- **DATA UNDER STUDY**
::::::::::

Lemma coact_tensor_tlin : tlin coact_tensor.
Proof.
move=> a x y W f bil_f.
rewrite tsum2_coact_tensor (tensor_lift_klin (coact_lift_bilin bil_f)) /tsum2 big_cat big_map /=.
rewrite -!tsum2_coact_tensor /tsum2 scaler_sumr; congr (_ + _).
by apply: eq_bigr => p _; rewrite (klinZ (bilinl bil_f _)).
Qed.

Lemma coact_tensor_coassoc x :
  teq3 [seq (q.1, q.2, p.2) | p <- coact_tensor x, q <- DC p.1]
       [seq (p.1, q.1, q.2) | p <- coact_tensor x, q <- coact_tensor p.2].
Proof.
move=> W f tri_f; rewrite /tsum3 !big_allpairs_dep /=; apply: eq_bigr => p _.
have tri_f_tmul : trilin (fun u v w => f u v (tmul w p.2)).
  case: tri_f => lin1 lin2 lin3; apply: trilinP => [v w|u w|u v] a ? ?.
  - by rewrite lin1.
  - by rewrite lin2.
  by rewrite (bilinl (@tmul_bilin _ C A)) lin3.
have := DC_coassoc p.1 tri_f_tmul; rewrite /tsum3 !big_allpairs_dep /= => ->.
apply: eq_bigr => q _; have := tsum2_coact_tensor (f q.1) (tmul q.2 p.2).
by rewrite tensor_lift_tmul //; apply/coact_lift_bilin/trilin_bilin.
Qed.

Lemma coact_tensor_counit x : \sum_(p <- coact_tensor x) eC p.1 *: p.2 = x.
Proof.
rewrite big_allpairs_dep /=; apply: tensor_liftP => W f bil_f.
rewrite (klin_sum (tensor_lift_klin bil_f)); apply: eq_bigr => p _ /=.
rewrite -[in RHS](DC_counitl p.1) (klin_sum (tensor_lift_klin bil_f)) (klin_sum (bilinl bil_f _)).
apply: eq_bigr => q _.
by rewrite (klinZ (tensor_lift_klin bil_f)) tensor_lift_tmul // (klinZ (bilinl bil_f _)).
Qed.

Lemma coact_tensor_diag_act x a :
  teq2 (coact_tensor (diag_act x a))
       [seq (actC p.1 q.1, diag_act p.2 q.2) | p <- coact_tensor x, q <- rhoA a].
Proof.
move=> W f bil_f; rewrite tsum2_coact_tensor tensor_lift_diag_act; last exact: coact_lift_bilin.
rewrite /tsum2 !big_allpairs_dep /= /tensor_lift /tsum2; apply: eq_bigr => p _.
rewrite /diag_act_lift /coact_lift.
transitivity (\sum_(r <- rhoA a) \sum_(u <- DC p.1) \sum_(v <- DH r.1)
   f (actC u.1 v.1) (tmul (actC u.2 v.2) (mulA p.2 r.2))).
  apply: eq_bigr => r _.
  have bil_g : bilin (fun y z => f y (tmul z (mulA p.2 r.2))).
    apply: bilinP => [z|y]; first exact: (bilinl bil_f).
    exact: klin_comp (bilinr bil_f y) (bilinl (@tmul_bilin _ C A) _).
  by have := DC_actC p.1 r.1 bil_g; rewrite /tsum2 big_allpairs_dep /= => ->.
rewrite exchange_big /=; apply: eq_bigr => u _.
under [in RHS]eq_bigr do rewrite diag_act_tmul (klin_sum (bilinr bil_f _)).
have tri_g : trilin (fun g h b => f (actC u.1 g) (tmul (actC u.2 h) (mulA p.2 b))).
  apply: trilinP => [h b|g b|g h].
  - exact: klin_comp (bilinl bil_f _) (bilinr actC_bilin _).
  - exact: klin_comp (bilinr bil_f _)
             (klin_comp (bilinl (@tmul_bilin _ C A) _) (bilinr actC_bilin _)).
  exact: klin_comp (bilinr bil_f _)
           (klin_comp (bilinr (@tmul_bilin _ C A) _) (bilinr mulA_bilin _)).
by have := rhoA_coassoc a tri_g; rewrite /tsum3 !big_allpairs_dep /= => ->.
Qed.
(* Let $g>0$, $\beta>0$, $\lambda\ge1$ an integer, and $0\le\mu_1\le\mu_2\le\cdots\le\mu_{2\lambda}\le1$. Then \[ -2g^2\coth(\tfrac{\beta}{2})+\frac{4g^2\cosh(\beta(1-\mu_{2\lambda}))}{\sinh\beta}+\xi_{2\lambda}(\boldsymbol{\mu}_{2\lambda},\beta)+\psi^-_{2\lambda}(\boldsymbol{\mu}_{2\lambda},\beta)\le 0, \] that is, $\Theta_{2\lambda}(g,\beta,\boldsymbol{\mu}_{2\lambda})\le 1$.
   Context: Fix $g>0$. For an integer $\lambda\ge1$, a vector $\boldsymbol{\mu}_\lambda=(\mu_1,\dots,\mu_\lambda)$ with $\mu_0:=0$, and $t>0$, define \[ \xi_\lambda(\boldsymbol{\mu}_\lambda,t)=-\frac{8g^2}{\sinh t}\sinh^2\!\big(\tfrac{t}{2}(1-\mu_\lambda)\big)(-1)^\lambda\sum_{\gamma=0}^{\lambda}(-1)^\gamma\cosh(t\mu_\gamma)-\frac{4g^2}{\sinh t}\sum_{\substack{0\le i<j\le\lambda-1\\ j-i\ \text{odd}}}\big(\cosh(t(1-\mu_{j+1}))-\cosh(t(1-\mu_j))\big)\big(\cosh(t\mu_i)-\cosh(t\mu_{i+1})\big), \] \[ \psi^-_\lambda(\boldsymbol{\mu}_\lambda,t)=\frac{4g^2}{\sinh t}\Big[\sum_{\gamma=0}^{\lambda}(-1)^\gamma\sinh\big(t(\tfrac12-\mu_\gamma)\big)\Big]^2, \] \[ \Theta_{2\lambda}(g,\beta,\boldsymbol{\mu}_{2\lambda})=\exp\Big(-2g^2\coth(\tfrac{\beta}{2})+\frac{4g^2\cosh(\beta(1-\mu_{2\lambda}))}{\sinh\beta}+\xi_{2\lambda}(\boldsymbol{\mu}_{2\lambda},\beta)+\psi^-_{2\lambda}(\boldsymbol{\mu}_{2\lambda},\beta)\Big). \] *)

From Stdlib Require Import Reals.
Open Scope R_scope.

Fixpoint fsum (n : nat) (f : nat -> R) : R :=
  match n with
  | O => 0
  | S k => fsum k f + f k
  end.

Definition coth (x : R) : R := cosh x / sinh x.

(* A vector mu_lambda = (mu_1,...,mu_lambda) is given as mu : nat -> R,
   read at indices 1..lambda; index 0 is forced to mu_0 := 0. *)
Definition mu0 (mu : nat -> R) (i : nat) : R :=
  match i with O => 0 | _ => mu i end.

Definition xi (g : R) (lam : nat) (mu : nat -> R) (t : R) : R :=
  let m := mu0 mu in
  - (8 * g ^ 2 / sinh t) * (sinh (t / 2 * (1 - m lam))) ^ 2 * (-1) ^ lam
    * fsum (S lam) (fun gam => (-1) ^ gam * cosh (t * m gam))
  - (4 * g ^ 2 / sinh t) *
    fsum lam (fun j => fsum j (fun i =>
      if Nat.odd (j - i)
      then (cosh (t * (1 - m (S j))) - cosh (t * (1 - m j)))
           * (cosh (t * m i) - cosh (t * m (S i)))
      else 0)).

Definition psi_minus (g : R) (lam : nat) (mu : nat -> R) (t : R) : R :=
  let m := mu0 mu in
  4 * g ^ 2 / sinh t *
  (fsum (S lam) (fun gam => (-1) ^ gam * sinh (t * (1 / 2 - m gam)))) ^ 2.

Definition Theta_exponent (g beta : R) (lam : nat) (mu : nat -> R) : R :=
  - 2 * g ^ 2 * coth (beta / 2)
  + 4 * g ^ 2 * cosh (beta * (1 - mu0 mu (2 * lam))) / sinh beta
  + xi g (2 * lam) mu beta + psi_minus g (2 * lam) mu beta.

Definition Theta (g beta : R) (lam : nat) (mu : nat -> R) : R :=
  exp (Theta_exponent g beta lam mu).

(* Put T = exp (beta/2) > 1 and e_i = exp (beta mu_i), so that e_0 = 1, e is
   nondecreasing and e_{2 lambda} <= T^2.  Every cosh / sinh in the exponent is
   then a Laurent expression in T and the e_i, and the exponent equals
   g^2 X(2 lambda), where X is [exponent_exp] below.  Writing
   D_j(f) = sum_{i<j, j-i odd} (f_i - f_{i+1}) for the "odd-gap differences"
   ([odd_diff]), the heart of the proof is the identity, valid for even n,
       X(n) (T - 1/T) = -2 Q(n),
       Q(n) = sum_{b<n} q_b(e_{b+1}) + q_n(T^2),
       q_b(c) = T (1/e_b - 1/c) (- D_b(e)) + (1/T) (c - e_b) D_b(1/e).
   It is proved by induction in steps of two: closed forms of D_j through
   alternating sums reduce the step to a rational identity ([defect_step]).
   Monotonicity of e gives D_b(e) <= 0 <= D_b(1/e), so every q_b is
   nonnegative, Q(n) >= 0 and X(n) <= 0.  The file develops finite sums,
   alternating sums and odd-gap differences, then the identity and the sign of
   Q in exponential coordinates, then the translation of the hyperbolic
   functions, and finally the theorem. *)

From Stdlib Require Import Reals Lra Lia.
Open Scope R_scope.

Lemma fsum_S n f : fsum (S n) f = fsum n f + f n.
Proof. reflexivity. Qed.

Lemma fsum_ext n f g : (forall i, (i < n)%nat -> f i = g i) -> fsum n f = fsum n g.
Proof.
  induction n as [|n IH]; intros Hfg; simpl; [reflexivity|].
  rewrite IH, Hfg; auto.
Qed.

Lemma fsum_scal n a f : fsum n (fun i => a * f i) = a * fsum n f.
Proof. induction n as [|n IH]; simpl; [ring|]. rewrite IH; ring. Qed.

Lemma fsum_lin n a b f g :
  fsum n (fun i => a * f i + b * g i) = a * fsum n f + b * fsum n g.
Proof. induction n as [|n IH]; simpl; [ring|]. rewrite IH; ring. Qed.

Lemma fsum_nonneg n f : (forall i, (i < n)%nat -> 0 <= f i) -> 0 <= fsum n f.
Proof.
  induction n as [|n IH]; intros Hf; simpl; [lra|].
  assert (0 <= fsum n f) by auto. assert (0 <= f n) by auto. lra.
Qed.

Lemma fsum_nonpos n f : (forall i, (i < n)%nat -> f i <= 0) -> fsum n f <= 0.
Proof.
  induction n as [|n IH]; intros Hf; simpl; [lra|].
  assert (fsum n f <= 0) by auto. assert (f n <= 0) by auto. lra.
Qed.

Definition alt (f : nat -> R) (n : nat) : R := fsum (S n) (fun i => (-1) ^ i * f i).

(* The odd-gap differences D_j(f) = sum over i < j with j - i odd of f_i - f_{i+1};
   this is the inner sum of xi. *)
Definition odd_diff (f : nat -> R) (j : nat) : R :=
  fsum j (fun i => if Nat.odd (j - i) then f i - f (S i) else 0).

Lemma pow_m1_SS n : (-1) ^ S (S n) = (-1) ^ n.
Proof. simpl; ring. Qed.

Lemma alt_ext n f g : (forall i, f i = g i) -> alt f n = alt g n.
Proof. intros Hfg. unfold alt. apply fsum_ext; intros i _. rewrite Hfg. reflexivity. Qed.

Lemma alt_lin n a b f g :
  alt (fun i => a * f i + b * g i) n = a * alt f n + b * alt g n.
Proof. unfold alt. rewrite <- fsum_lin. apply fsum_ext; intros; ring. Qed.

Lemma alt_SS f n :
  alt f (S (S n)) = alt f n - (-1) ^ n * f (S n) + (-1) ^ n * f (S (S n)).
Proof. unfold alt. rewrite !fsum_S. cbn beta. rewrite <- !tech_pow_Rmult. ring. Qed.

(* Going from j to j+2 adds exactly one new odd gap, the one from j+1 to j+2. *)
Lemma odd_diff_SS f j : odd_diff f (S (S j)) = odd_diff f j + (f (S j) - f (S (S j))).
Proof.
  unfold odd_diff. rewrite !fsum_S. cbn beta.
  replace (S (S j) - j)%nat with 2%nat by lia.
  replace (S (S j) - S j)%nat with 1%nat by lia.
  change (Nat.odd 2) with false; change (Nat.odd 1) with true.
  rewrite (fsum_ext j _ (fun i => if Nat.odd (j - i) then f i - f (S i) else 0)); [ring|].
  intros i Hi. replace (S (S j) - i)%nat with (S (S (j - i))) by lia. reflexivity.
Qed.

Lemma odd_diff_even f k : odd_diff f (2 * k) = f 0%nat - alt f (2 * k).
Proof.
  induction k as [|k IH]; [unfold odd_diff, alt; simpl; ring|].
  replace (2 * S k)%nat with (S (S (2 * k))) by lia.
  rewrite odd_diff_SS, alt_SS, IH, pow_1_even. ring.
Qed.

Lemma odd_diff_odd f k : odd_diff f (S (2 * k)) = alt f (2 * k) - f (S (2 * k)).
Proof.
  induction k as [|k IH]; [unfold odd_diff, alt; simpl; ring|].
  replace (2 * S k)%nat with (S (S (2 * k))) by lia.
  rewrite odd_diff_SS, alt_SS, IH, pow_1_even. ring.
Qed.

Lemma odd_diff_scal j K f g :
  (forall i, g i = if Nat.odd (j - i) then K * (f i - f (S i)) else 0) ->
  fsum j g = K * odd_diff f j.
Proof.
  intros Hg. unfold odd_diff. rewrite <- fsum_scal. apply fsum_ext. intros i _.
  rewrite Hg. destruct (Nat.odd (j - i)); ring.
Qed.

Lemma odd_diff_nonneg f j : (forall i, (i < j)%nat -> f (S i) <= f i) -> 0 <= odd_diff f j.
Proof.
  intros Hf. apply fsum_nonneg. intros i Hi.
  destruct (Nat.odd (j - i)); [specialize (Hf i Hi)|]; lra.
Qed.

Lemma odd_diff_nonpos f j : (forall i, (i < j)%nat -> f i <= f (S i)) -> odd_diff f j <= 0.
Proof.
  intros Hf. apply fsum_nonpos. intros i Hi.
  destruct (Nat.odd (j - i)); [specialize (Hf i Hi)|]; lra.
Qed.

Lemma denominators_nonzero T : 1 < T -> T <> 0 /\ (T * T) ^ 2 - 1 <> 0 /\ T * T - 1 <> 0.
Proof.
  intros HT. assert (HT2 : 1 < T * T) by nra.
  repeat split; apply Rgt_not_eq; simpl; nra.
Qed.

(* Exponential coordinates: T stands for exp (beta/2), e i for exp (beta mu_i). *)
Section ExpCoordinates.
Variable T : R.
Variable e : nat -> R.

(* cosh (beta mu_i), cosh (beta (1 - mu_i)), sinh (beta (1/2 - mu_i)), exp (- beta mu_i). *)
Definition ch (i : nat) : R := (e i + / e i) / 2.
Definition chc (i : nat) : R := (T ^ 2 * / e i + e i / T ^ 2) / 2.
Definition shc (i : nat) : R := (T * / e i - e i / T) / 2.
Definition einv (i : nat) : R := / e i.

(* The exponent of Theta_n divided by g^2, in exponential coordinates. *)
Definition exponent_exp (n : nat) : R :=
  let sh := (T ^ 2 - / T ^ 2) / 2 in
  - 2 * ((T + / T) / (T - / T)) + 4 * chc n / sh
  - 8 / sh * ((chc n - 1) / 2) * (-1) ^ n * alt ch n
  - 4 / sh * fsum n (fun j => (chc (S j) - chc j) * odd_diff ch j)
  + 4 / sh * alt shc n ^ 2.

Definition qterm (b : nat) (c : R) : R :=
  T * (/ e b - / c) * (- odd_diff e b) + / T * (c - e b) * odd_diff einv b.

Definition qsum (n : nat) : R :=
  fsum n (fun b => qterm b (e (S b))) + qterm n (T ^ 2).

Definition defect (n : nat) : R := exponent_exp n * (T - / T) + 2 * qsum n.

Lemma alt_ch n : alt ch n = (alt e n + alt einv n) / 2.
Proof.
  rewrite (alt_ext n ch (fun i => / 2 * e i + / 2 * einv i))
    by (intros; unfold ch, einv; unfold Rdiv; ring).
  rewrite alt_lin. unfold Rdiv; ring.
Qed.

Lemma alt_shc n : alt shc n = (T * alt einv n - alt e n / T) / 2.
Proof.
  rewrite (alt_ext n shc (fun i => (T / 2) * einv i + (- / T / 2) * e i))
    by (intros; unfold shc, einv; unfold Rdiv; ring).
  rewrite alt_lin. unfold Rdiv; ring.
Qed.

Hypothesis T_gt1 : 1 < T.
Hypothesis e_pos : forall i, 0 < e i.
Hypothesis e0_one : e 0%nat = 1.

(* The defect is invariant under n -> n + 2 (n even): after the closed forms of
   D_j and of the alternating sums, this is a rational identity in T, the three
   new values of e, the two alternating sums of e and 1/e, and the sums A, B of
   the earlier terms. *)
Lemma defect_step k : defect (S (S (2 * k))) = defect (2 * k).
Proof.
  assert (He : forall i, e i <> 0) by (intros i; specialize (e_pos i); lra).
  unfold defect, exponent_exp, qsum. rewrite !fsum_S.
  set (A := fsum (2 * k) (fun j => (chc (S j) - chc j) * odd_diff ch j)).
  set (B := fsum (2 * k) (fun b => qterm b (e (S b)))).
  unfold qterm. rewrite !odd_diff_SS, !odd_diff_even, !odd_diff_odd, !alt_SS,
    !pow_m1_SS, pow_1_even, !alt_ch, !alt_shc.
  unfold ch, chc, shc, einv. rewrite e0_one.
  destruct (denominators_nonzero T T_gt1) as (HT0 & HT2 & HT1).
  field. repeat split; auto.
Qed.

Lemma defect_base : defect 0 = 0.
Proof.
  destruct (denominators_nonzero T T_gt1) as (HT0 & HT2 & HT1).
  unfold defect, exponent_exp, qsum, qterm, odd_diff, alt, ch, chc, shc, einv.
  cbn [fsum]. rewrite pow_O, e0_one. field. auto.
Qed.

Lemma defect_zero k : defect (2 * k) = 0.
Proof.
  induction k as [|k IH]; [exact defect_base|].
  replace (2 * S k)%nat with (S (S (2 * k))) by lia.
  rewrite defect_step. exact IH.
Qed.

(* Each q_b(c) is nonnegative when e is nondecreasing up to b and e_b <= c:
   both factors of each product then have a definite sign. *)
Lemma qterm_nonneg b c :
  (forall i, (i < b)%nat -> e i <= e (S i)) -> e b <= c -> 0 <= qterm b c.
Proof.
  intros Hmono Hbc.
  assert (Hc : 0 < c) by (specialize (e_pos b); lra).
  assert (Hinv : / c <= / e b) by (apply Rinv_le_contravar; auto).
  assert (HiT : 0 < / T) by (apply Rinv_0_lt_compat; lra).
  assert (De : odd_diff e b <= 0) by (apply odd_diff_nonpos; auto).
  assert (Dinv : 0 <= odd_diff einv b).
  { apply odd_diff_nonneg. intros i Hi. apply Rinv_le_contravar; auto. }
  unfold qterm.
  apply Rplus_le_le_0_compat; apply Rmult_le_pos; try apply Rmult_le_pos; lra.
Qed.

Lemma qsum_nonneg n :
  (forall i, (i < n)%nat -> e i <= e (S i)) -> e n <= T ^ 2 -> 0 <= qsum n.
Proof.
  intros Hmono Htop. unfold qsum.
  apply Rplus_le_le_0_compat; [apply fsum_nonneg; intros b Hb|];
    apply qterm_nonneg; auto; intros; apply Hmono; lia.
Qed.

Lemma exponent_exp_nonpos k :
  (forall i, (i < 2 * k)%nat -> e i <= e (S i)) -> e (2 * k)%nat <= T ^ 2 ->
  exponent_exp (2 * k) <= 0.
Proof.
  intros Hmono Htop.
  assert (Hq := qsum_nonneg (2 * k) Hmono Htop).
  assert (Hd := defect_zero k). unfold defect in Hd.
  assert (HT : 0 < T - / T).
  { assert (/ T < 1) by (rewrite <- Rinv_1; apply Rinv_lt_contravar; lra). lra. }
  nra.
Qed.
End ExpCoordinates.

Lemma exp_le a b : a <= b -> exp a <= exp b.
Proof. intros [H | ->]; [left; apply exp_increasing; exact H | right; reflexivity]. Qed.

Lemma exp_gt1 x : 0 < x -> 1 < exp x.
Proof. intros Hx. rewrite <- exp_0. apply exp_increasing. exact Hx. Qed.

Lemma exp_half_sq t : exp t = exp (t / 2) ^ 2.
Proof. simpl. rewrite Rmult_1_r, <- exp_plus. f_equal. field. Qed.

Lemma cosh_exp_form y : cosh y = (exp y + / exp y) / 2.
Proof. unfold cosh. rewrite exp_Ropp. reflexivity. Qed.

Lemma sinh_exp_form t : sinh t = (exp (t / 2) ^ 2 - / exp (t / 2) ^ 2) / 2.
Proof. unfold sinh. rewrite exp_Ropp, <- exp_half_sq. reflexivity. Qed.

Lemma cosh_compl_exp_form t x : cosh (t * (1 - x)) =
  (exp (t / 2) ^ 2 * / exp (t * x) + exp (t * x) / exp (t / 2) ^ 2) / 2.
Proof.
  unfold cosh. rewrite <- exp_half_sq.
  replace (t * (1 - x)) with (t + - (t * x)) by ring.
  replace (- (t + - (t * x))) with (t * x + - t) by ring.
  rewrite !exp_plus, !exp_Ropp. unfold Rdiv. ring.
Qed.

Lemma sinh_half_exp_form t x : sinh (t * (1 / 2 - x)) =
  (exp (t / 2) * / exp (t * x) - exp (t * x) / exp (t / 2)) / 2.
Proof.
  unfold sinh.
  replace (t * (1 / 2 - x)) with (t / 2 + - (t * x)) by field.
  replace (- (t / 2 + - (t * x))) with (t * x + - (t / 2)) by ring.
  rewrite !exp_plus, !exp_Ropp. unfold Rdiv. ring.
Qed.

Lemma sinh_sq y : sinh y ^ 2 = (cosh (2 * y) - 1) / 2.
Proof.
  unfold sinh, cosh. replace (2 * y) with (y + y) by ring.
  replace (- (y + y)) with (- y + - y) by ring.
  rewrite !exp_plus, !exp_Ropp.
  assert (exp y <> 0) by (apply Rgt_not_eq, exp_pos). field. auto.
Qed.

Lemma coth_half_exp_form t : 0 < t ->
  coth (t / 2) = (exp (t / 2) + / exp (t / 2)) / (exp (t / 2) - / exp (t / 2)).
Proof.
  intros Ht. assert (H1 : 1 < exp (t / 2)) by (apply exp_gt1; lra).
  unfold coth, cosh, sinh. rewrite exp_Ropp. field. split; nra.
Qed.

::::::::::

- **EXERCISE DESCRIPTION**
Starting at the first line of the records, print each line exactly, stopping after the line that contains "apply: eq_bigr => q _;".

- **RESULT**
Lemma coact_tensor_tlin : tlin coact_tensor.
Proof.
move=> a x y W f bil_f.
rewrite tsum2_coact_tensor (tensor_lift_klin (coact_lift_bilin bil_f)) /tsum2 big_cat big_map /=.
rewrite -!tsum2_coact_tensor /tsum2 scaler_sumr; congr (_ + _).
by apply: eq_bigr => p _; rewrite (klinZ (bilinl bil_f _)).
Qed.

Lemma coact_tensor_coassoc x :
  teq3 [seq (q.1, q.2, p.2) | p <- coact_tensor x, q <- DC p.1]
       [seq (p.1, q.1, q.2) | p <- coact_tensor x, q <- coact_tensor p.2].
Proof.
move=> W f tri_f; rewrite /tsum3 !big_allpairs_dep /=; apply: eq_bigr => p _.
have tri_f_tmul : trilin (fun u v w => f u v (tmul w p.2)).
  case: tri_f => lin1 lin2 lin3; apply: trilinP => [v w|u w|u v] a ? ?.
  - by rewrite lin1.
  - by rewrite lin2.
  by rewrite (bilinl (@tmul_bilin _ C A)) lin3.
have := DC_coassoc p.1 tri_f_tmul; rewrite /tsum3 !big_allpairs_dep /= => ->.
apply: eq_bigr => q _; have := tsum2_coact_tensor (f q.1) (tmul q.2 p.2).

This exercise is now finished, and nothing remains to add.